[[ Material for this task, beginning ]]

Lemma tour_asym u v : E u v -> E v u = false.
Proof.
case: (eqVneq u v) => [-> | neq_uv Euv]; first by rewrite tour_irr.
by case: tE => _ /(_ u v neq_uv); rewrite Euv => /esym/negbTE.
Qed.

Lemma tour_total u v : u != v -> ~~ E u v -> E v u.
Proof. by case: tE => _ totE /totE ->; rewrite negbK. Qed.

Lemma outdeg_in_add_indeg_in (Q : {set V}) v :
  v \in Q -> outdeg_in Q v + indeg_in Q v + 1 = #|Q|.
Proof.
move=> Qv; rewrite (cardsD1 v Q) Qv add1n addn1; congr _.+1.
have -> : Q :\ v = [set u in Q | E v u] :|: [set u in Q | E u v].
  apply/setP => u; rewrite !inE; case: (eqVneq u v) => [-> | neq_uv] /=.
    by rewrite tour_irr !andbF.
  case: (u \in Q); case Evu: (E v u) => //=.
  by apply/esym/tour_total; rewrite ?Evu // eq_sym.
rewrite cardsU; have -> : [set u in Q | E v u] :&: [set u in Q | E u v] = set0.
  apply/setP => u; rewrite !inE; apply/negbTE/negP => /andP [/andP [_ Evu] /andP [_]].
  by rewrite tour_asym.
by rewrite cards0 subn0.
Qed.

Lemma outdeg_add_indeg v : outdeg v + indeg v + 1 = #|V|.
Proof.
rewrite -cardsT -(outdeg_in_add_indeg_in (in_setT v)).
by congr (_ + _ + 1); apply: eq_card => u; rewrite !inE.
Qed.

(* The in-degrees inside [Q] average (#|Q| - 1) / 2. *)
Lemma card_le_indeg_in (Q : {set V}) c :
  {in Q, forall v, indeg_in Q v <= c} -> #|Q| <= 2 * c + 1.
Proof.
move=> le_c.
have sum_in_out : \sum_(v in Q) indeg_in Q v = \sum_(v in Q) outdeg_in Q v.
  rewrite /indeg_in /outdeg_in.
  under eq_bigr do rewrite -sum1dep_card big_mkcondr.
  under [RHS]eq_bigr do rewrite -sum1dep_card big_mkcondr.
  exact: exchange_big.
have sum_all : \sum_(v in Q) (outdeg_in Q v + indeg_in Q v + 1) = #|Q| * #|Q|.
  by rewrite (eq_bigr _ (fun v => outdeg_in_add_indeg_in (Q := Q) (v := v))) sum_nat_const.
have le_sum : \sum_(v in Q) indeg_in Q v <= #|Q| * c.
  by rewrite -sum_nat_const; apply: leq_sum.
move: sum_all; rewrite !big_split /= -sum_in_out sum1_card.
case: #|Q| le_sum => [|q]; nia.
Qed.

Lemma card_dominated_le (Q Z : {set V}) c :
  [disjoint Q & Z] -> (forall z q, z \in Z -> q \in Q -> E z q) ->
  {in Q, forall q, indeg q <= c} -> #|Q| <= 2 * (c - #|Z|) + 1.
Proof.
move=> dQZ ZQ le_c; apply: card_le_indeg_in => q Qq.
have sub : [set u in Q | E u q] :|: Z \subset [set u | E u q].
  by apply/subsetP => u; rewrite !inE => /orP [/andP [] | /ZQ ->].
have disj : [disjoint [set u in Q | E u q] & Z].
  by apply: disjointWl dQZ; apply/subsetP => u; rewrite inE => /andP [].
have := subset_leq_card sub; rewrite cardsU (disjoint_setI0 disj) cards0.
have := le_c q Qq; rewrite /indeg_in /indeg; lia.
Qed.

Lemma indeg_lt_add_mid x y :
  E y x -> indeg y < indeg x + #|[set z | E x z && E z y]|.
Proof.
move=> Eyx.
have neq_xy : x != y by apply: contraTneq Eyx => ->; rewrite tour_irr.
have sub : [set z | E x z] :|: [set z | E z y] \subset ~: [set x; y].
  apply/subsetP => z; rewrite !inE => /orP [] Ez; apply/norP; split;
    apply: contraTneq Ez => ->; by rewrite ?tour_irr ?(tour_asym Eyx).
have := subset_leq_card sub; rewrite cardsU.
have := cardsC [set x; y]; rewrite cards2 neq_xy.
have -> : [set z | E x z] :&: [set z | E z y] = [set z | E x z && E z y].
  by apply/setP => z; rewrite !inE.
have := outdeg_add_indeg x; rewrite /outdeg /indeg; lia.
Qed.

End Tournament.

Lemma tour_flip (V : finType) (E : rel V) :
  tournament E -> tournament (fun u v => E v u).
Proof.
by case=> irrE totE; split=> [v | u v /=]; [apply: irrE | rewrite eq_sym; apply: totE].
Qed.

Definition router (V : finType) (E : rel V) (X : {set V}) (l B : nat) :=
  forall U : {set V}, #|U| <= B -> forall x y, x \in X -> y \in X -> x != y ->
  exists p : seq V, [/\ size p <= l, path E x (rcons p y) & [disjoint p & U]].


Section IndegWindow.
Variables (V : finType) (E : rel V).
Hypothesis tE : tournament E.

Definition indeg_window t M := [set v | t <= indeg E v <= t + M].

Lemma avoiding_dominated x y (U : {set V}) :
  (forall z, z \notin U -> E x z -> ~~ E z y) ->
  (forall a b, a \notin U -> b \notin U -> E x a -> E b y -> ~~ E a b) ->
  [disjoint [set z | E x z] :\: U & [set z | E z y] :\: U] /\
  forall b a, b \in [set z | E z y] :\: U -> a \in [set z | E x z] :\: U -> E b a.
Proof.
move=> no_mid no_bridge; split.
  rewrite -setI_eq0 -subset0; apply/subsetP => z.
  rewrite !inE => /andP [/andP [Uz Exz] /andP [_ Ezy]].
  by have := no_mid z Uz Exz; rewrite Ezy.
move=> b a; rewrite !inE => /andP [Ub Eby] /andP [Ua Exa].
apply: (tour_total tE) (no_bridge a b Ua Ub Exa Eby).
by apply: contraNneq (no_mid a Ua Exa) => ->.
Qed.

(* Outside [U], in(y) dominates out(x), so both meet the window in O(M + #|U|)
   vertices; the rest of the window avoids out(x) :|: in(y), whose complement
   has at most M + 1 + #|U| vertices. *)
Lemma card_indeg_window_le t M (U : {set V}) x y :
  x \in indeg_window t M -> y \in indeg_window t M ->
  (forall z, z \notin U -> E x z -> ~~ E z y) ->
  (forall a b, a \notin U -> b \notin U -> E x a -> E b y -> ~~ E a b) ->
  #|indeg_window t M| <= 5 * M + 6 * #|U| + 3.
Proof.
set S := indeg_window t M => Sx Sy no_mid no_bridge.
pose A := [set z | E x z]; pose B := [set z | E z y].
pose A0 := A :\: U; pose B0 := B :\: U.
have [dA0B0 B0A0] : [disjoint A0 & B0] /\ forall b a, b \in B0 -> a \in A0 -> E b a.
  exact: avoiding_dominated.
have AB_U : A :&: B \subset U.
  apply/subsetP => z; rewrite !inE => /andP [Exz Ezy].
  by apply: contraLR Ezy => /no_mid /(_ Exz).
have cardQ : #|A0 :&: S| <= 2 * (t + M - #|B0|) + 1.
  apply: (card_dominated_le tE) => [|b a Bb /setIP [Aa _] | a /setIP [_]].
  - exact: disjointWl (subsetIl _ _) dA0B0.
  - exact: B0A0.
  - by rewrite inE => /andP [].
have cardQ' : #|B0 :&: S| <= 2 * (#|V| - 1 - t - #|A0|) + 1.
  apply: (card_dominated_le (tour_flip tE)) => [|a b Aa /setIP [Bb _] | b /setIP [_]].
  - by rewrite disjoint_sym in dA0B0; apply: disjointWl (subsetIl _ _) dA0B0.
  - exact: B0A0.
  - rewrite inE => /andP [tb _]; change (outdeg E b <= #|V| - 1 - t).
    by have := outdeg_add_indeg tE b; lia.
have cover : S \subset ~: (A :|: B) :|: U :|: (A0 :&: S) :|: (B0 :&: S).
  apply/subsetP => z Sz; rewrite !in_setU !in_setI Sz !andbT !inE.
  by case: (z \in U) (E x z) (E z y) => [] [] [].
have cardA : #|A| + indeg E x + 1 = #|V| := outdeg_add_indeg tE x.
have cardB : #|B| = indeg E y by [].
have cardA0 : #|A| <= #|A0| + #|U| := card_setD_ge A U.
have cardB0 : #|B| <= #|B0| + #|U| := card_setD_ge B U.
have := subset_leq_card cover.
have := (leq_card_setU (~: (A :|: B) :|: U :|: (A0 :&: S)) (B0 :&: S)).1.
have := (leq_card_setU (~: (A :|: B) :|: U) (A0 :&: S)).1.
have := (leq_card_setU (~: (A :|: B)) U).1.
have := cardsC (A :|: B); rewrite cardsU.
have := subset_leq_card AB_U.
by move: Sx Sy; rewrite !inE; lia.
Qed.

Lemma indeg_window_router t M B :
  5 * M + 6 * B + 4 <= #|indeg_window t M| -> router E (indeg_window t M) 2 B.
Proof.
move=> big_S U card_U x y Sx Sy _.
case Exy: (E x y); first by exists [::]; rewrite /= Exy andbT disjoint_has.
have [/existsP [z /and3P [Uz Exz Ezy]] | /existsPn no_mid] :=
  boolP [exists z, [&& z \notin U, E x z & E z y]].
  by exists [:: z]; rewrite /= Exz Ezy disjoint_has /= (negbTE Uz).
have [/existsP [a /existsP [b /and5P [Ua Ub Exa Eab Eby]]] | no_bridge] :=
  boolP [exists a, exists b, [&& a \notin U, b \notin U, E x a, E a b & E b y]].
  by exists [:: a; b]; rewrite /= Exa Eab Eby disjoint_has /= (negbTE Ua) (negbTE Ub).
suff : #|indeg_window t M| <= 5 * M + 6 * #|U| + 3 by lia.
apply: (card_indeg_window_le Sx Sy) => [z Uz Exz | a b Ua Ub Exa Eby].
  by have := no_mid z; rewrite Uz Exz.
apply/negP => Eab; move/existsPn/(_ a): no_bridge => /existsPn/(_ b).
by rewrite Ua Ub Exa Eab Eby.
Qed.

End IndegWindow.

Section FarRouter.
Variables (V : finType) (E : rel V).
Hypothesis tE : tournament E.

[[ Material for this task, end ]]

▶ [Exercise]:
Each line of the entries above that has the word "cardsC" is to be copied.

▶ [Result of the task]:
have := cardsC [set x; y]; rewrite cards2 neq_xy.
have := cardsC (A :|: B); rewrite cardsU.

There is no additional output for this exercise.